Status and conservation

A tree preservation order was placed on the trees in 2004, to enable preservation and maintenance, and in 2009 the Dark Hedges Preservation Trust was set up. Of the 150 trees originally planted by the Stuart family, about 90 remained by 2016. A survey in 2014 revealed that the trees are in various states of health and are at risk in bad weather. Two trees were destroyed, and one damaged, by Storm Gertrude in January 2016. Another tree came down in Storm Doris in February 2017.  A tree toppled during Storm Hector in June 2018, and another came down during strong winds in January 2019.  Two more trees were toppled during Storm Arwen on Saturday 27 November 2021, raising further concerns about the preservation of the remaining trees.
As visitor numbers have increased, concern has been expressed over vehicular traffic damaging the trees' roots, as well as problems of graffiti and the daubing of sectarian slogans on the trees.

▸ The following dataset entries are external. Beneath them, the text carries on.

Record M2 : Type := mkM2 { m11 : Cx; m12 : Cx; m21 : Cx; m22 : Cx }.
Definition M2id : M2 := mkM2 C1 C0 C0 C1.
Definition M2diag (a d : Cx) : M2 := mkM2 a C0 C0 d.
Definition M2add (A B : M2) : M2 :=
  mkM2 (Cadd (m11 A) (m11 B)) (Cadd (m12 A) (m12 B))
       (Cadd (m21 A) (m21 B)) (Cadd (m22 A) (m22 B)).
Definition M2sub (A B : M2) : M2 :=
  mkM2 (Csub (m11 A) (m11 B)) (Csub (m12 A) (m12 B))
       (Csub (m21 A) (m21 B)) (Csub (m22 A) (m22 B)).
Definition M2mul (A B : M2) : M2 :=
  mkM2 (Cadd (Cmul (m11 A) (m11 B)) (Cmul (m12 A) (m21 B)))
       (Cadd (Cmul (m11 A) (m12 B)) (Cmul (m12 A) (m22 B)))
       (Cadd (Cmul (m21 A) (m11 B)) (Cmul (m22 A) (m21 B)))
       (Cadd (Cmul (m21 A) (m12 B)) (Cmul (m22 A) (m22 B))).
Definition M2det (A : M2) : Cx :=
  Csub (Cmul (m11 A) (m22 A)) (Cmul (m12 A) (m21 A)).
(* inverse via the adjugate (meaningful when det <> 0) *)
Definition M2inv (A : M2) : M2 :=
  let d := Cinv (M2det A) in
  mkM2 (Cmul d (m22 A)) (Cmul d (Copp (m12 A)))
       (Cmul d (Copp (m21 A))) (Cmul d (m11 A)).
(* matrix norm: maximum modulus of the entries (equivalent to any other
   norm on 2x2 matrices, so O(.) statements are unaffected) *)
Definition M2norm (A : M2) : R :=
  Rmax (Rmax (Cmod (m11 A)) (Cmod (m12 A))) (Rmax (Cmod (m21 A)) (Cmod (m22 A))).

Definition Ccont_on (D : Cx -> Prop) (f : Cx -> Cx) : Prop :=
  forall z, D z -> forall e, 0 < e -> exists d, 0 < d /\
    forall w, D w -> Cmod (Csub w z) < d -> Cmod (Csub (f w) (f z)) < e.
Definition Cholo_on (D : Cx -> Prop) (f : Cx -> Cx) : Prop :=
  forall z, D z -> exists l : Cx, forall e, 0 < e -> exists d, 0 < d /\
    forall h : Cx, h <> C0 -> Cmod h < d ->
      Cmod (Csub (Cdiv (Csub (f (Cadd z h)) (f z)) h) l) < e.
Definition M2entrywise (P : (Cx -> Cx) -> Prop) (F : Cx -> M2) : Prop :=
  P (fun z => m11 (F z)) /\ P (fun z => m12 (F z)) /\
  P (fun z => m21 (F z)) /\ P (fun z => m22 (F z)).
Definition M2bounded_on (D : Cx -> Prop) (F : Cx -> M2) : Prop :=
  exists M, forall z, D z -> M2norm (F z) <= M.
Definition M2_good (Do Dc : Cx -> Prop) (F : Cx -> M2) : Prop :=
  M2entrywise (Ccont_on Dc) F /\ M2bounded_on Dc F /\ M2entrywise (Cholo_on Do) F.

Definition b (z : Cx) : Cx := Cdiv (Csub z Ci) (Cadd z Ci).
Definition Lam (z : Cx) : M2 := M2diag (b z) (Cinv (b z)).
Definition Lamp (z : Cx) : M2 := M2diag (b z) C1.
Definition Lamm (z : Cx) : M2 := M2diag C1 (Cinv (b z)).

Definition Geps (eps x : R) : M2 :=
  let X := RtoC x in
  let e1 := Cexpi (eps * x) in
  let e2 := Cexpi (- (eps * x)) in
  let den := RtoC (x ^ 2 + 1) in
  let xi := Cmul X Ci in
  let lin (a c1 c2 : R) : Cx :=
    Cadd (RtoC a) (Cadd (Cmul (RtoC c1) e1) (Cmul (RtoC c2) e2)) in
  mkM2
    (Cdiv (Csub (Cadd (RtoC (x ^ 2)) (Cmul xi (lin (-18) 8 8))) C1) den)
    (Cdiv (Cmul xi (lin 24 (-12) (-12))) den)
    (Cdiv (Cmul xi (lin (-12) 4 8)) den)
    (Cdiv (Csub (Cadd (RtoC (x ^ 2)) (Cmul xi (lin 18 (-8) (-8)))) C1) den).

From Pilot Require Import Defs.
From Stdlib Require Import Reals Lra ZArith.
From Coquelicot Require Import Coquelicot.
Open Scope R_scope.

(* The entries of [G_eps - Lam] are rational functions of [x] with poles at [+-i],
   multiplied by [e^(+-i eps x)].  Splitting them into partial fractions and
   assigning each piece to the half-plane where it is analytic (a pole in the wrong
   half-plane is removed by subtracting the value of the numerator there) gives
   [N^+-] explicitly in terms of [phi_n w = (e^w - sum_(k<n) w^k/k!) / w^n] at
   [w = i eps (z - i)], resp. [w = -i eps (z + i)].  These are entire, bounded by
   [e^(max 0 (Re w))] by the Taylor remainder estimate, hence bounded on the
   relevant closed half-plane, and every term carries a factor [eps] or
   [e^(-eps) - 1], so [|N^+-| = O(eps)].
   Since [Lam = Lam^+ Lam^-], the product [(I + N^- (Lam^+)^-1) Lam (I + (Lam^-)^-1 N^+)]
   equals [Lam + Lam^+ N^+ + N^- Lam^- + N^- N^+], so it differs from [G_eps] by
   exactly [- N^- N^+ = O(eps^2)].  Finally [|(Lam^+)^-1| <= 1] below and
   [|(Lam^-)^-1| <= 1] above the real line, so the outer factors are [I + O(eps)],
   invertible with inverses bounded by [4]. *)

(* The operations of [Defs] agree with Coquelicot's, whose ring and field
   tactics and [Cmod] lemmas we use. *)
Lemma Defs_Cadd : Defs.Cadd = Cplus. Proof. reflexivity. Qed.
Lemma Defs_Cmul : Defs.Cmul = Cmult. Proof. reflexivity. Qed.
Lemma Defs_Csub : Defs.Csub = Cminus. Proof. reflexivity. Qed.
Lemma Defs_Copp : Defs.Copp = Copp. Proof. reflexivity. Qed.
Lemma Defs_Cdiv : Defs.Cdiv = Cdiv. Proof. reflexivity. Qed.
Lemma Defs_Cinv : Defs.Cinv = Cinv. Proof. reflexivity. Qed.
Lemma Defs_Cmod : Defs.Cmod = Cmod. Proof. reflexivity. Qed.
Lemma Defs_C0 : Defs.C0 = RtoC 0. Proof. reflexivity. Qed.
Lemma Defs_C1 : Defs.C1 = RtoC 1. Proof. reflexivity. Qed.
Lemma Defs_Ci : Defs.Ci = Ci. Proof. reflexivity. Qed.
Lemma Defs_RtoC : Defs.RtoC = RtoC. Proof. reflexivity. Qed.

Ltac to_coquelicot :=
  rewrite ?Defs_Cadd, ?Defs_Cmul, ?Defs_Csub, ?Defs_Copp, ?Defs_Cdiv, ?Defs_Cinv,
    ?Defs_Cmod, ?Defs_C0, ?Defs_C1, ?Defs_Ci, ?Defs_RtoC in *.

(* [ring] and [field] need the equation to be stated in [C] rather than [Cx]. *)
Ltac C_eq := match goal with |- ?a = ?b => change (@eq C a b) end.

(** * Complex differentiability *)

Notation is_Cderive f z l := (@is_derive C_AbsRing (AbsRing_NormedModule C_AbsRing) f z l).

Definition holo (f : C -> C) (z : C) : Prop := exists l, is_Cderive f z l.

Lemma is_Cderive_remainder (f : C -> C) z l : is_Cderive f z l ->
  forall eps, 0 < eps -> exists d, 0 < d /\ forall h, Cmod h < d ->
    Cmod (f (z + h) - f z - h * l)%C <= eps * Cmod h.
Proof.
  intros [_ Hd] eps Heps.
  destruct (Hd z (fun P HP => HP) (mkposreal eps Heps)) as [d Hball].
  exists d; split; [apply cond_pos|].
  intros h Hh.
  assert (Hzh : ball z d (z + h)%C).
  { apply (norm_compat1 (V := AbsRing_NormedModule C_AbsRing)). simpl.
    change (Cmod ((z + h) - z)%C < d). replace ((z + h) - z)%C with h by ring. exact Hh. }
  specialize (Hball _ Hzh).
  change (Cmod (f (z + h) - f z - ((z + h) - z) * l)%C <= eps * Cmod ((z + h) - z)%C) in Hball.
  replace ((z + h) - z)%C with h in Hball by ring. exact Hball.
Qed.

Lemma is_Cderive_of_remainder (f : C -> C) z l :
  (forall eps, 0 < eps -> exists d, 0 < d /\ forall h, Cmod h < d ->
    Cmod (f (z + h) - f z - h * l)%C <= eps * Cmod h) -> is_Cderive f z l.
Proof.
  intros H. split; [apply is_linear_scal_l|].
  intros x Hx.
  apply (is_filter_lim_locally_unique (V := AbsRing_NormedModule C_AbsRing)) in Hx. subst x.
  intros eps. destruct (H eps (cond_pos eps)) as [d [Hd Hh]].
  set (nf := @norm_factor _ (AbsRing_NormedModule C_AbsRing)).
  assert (Hnf : 0 < nf) by apply norm_factor_gt_0.
  exists (mkposreal (d / nf) (Rdiv_lt_0_compat _ _ Hd Hnf)).
  intros y By.
  apply (norm_compat2 (V := AbsRing_NormedModule C_AbsRing)) in By. simpl in By.
  change (Cmod (y - z)%C < nf * (d / nf)) in By.
  replace (nf * (d / nf)) with d in By by (field; lra).
  specialize (Hh _ By).
  assert (Ey : (z + (y - z))%C = (y : C)) by (change (z + (y - z) = y)%C; ring).
  rewrite Ey in Hh.
  change (Cmod (f y - f z - (y - z) * l)%C <= eps * Cmod (y - z)%C). exact Hh.
Qed.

The Woodland Trust has stated that high traffic levels might cause the trees, which are surface rooting, to last less than twenty years. In 2017 the Department of Infrastructure announced plans to close the road to traffic, due to visitor numbers causing possible damage and degradation to the site. A ban on traffic using the road (between its junctions with Ballinlea Road and Ballykenver Road) came into place on 30 October 2017. Specified exemptions to the ban include emergency and agricultural vehicles in particular circumstances.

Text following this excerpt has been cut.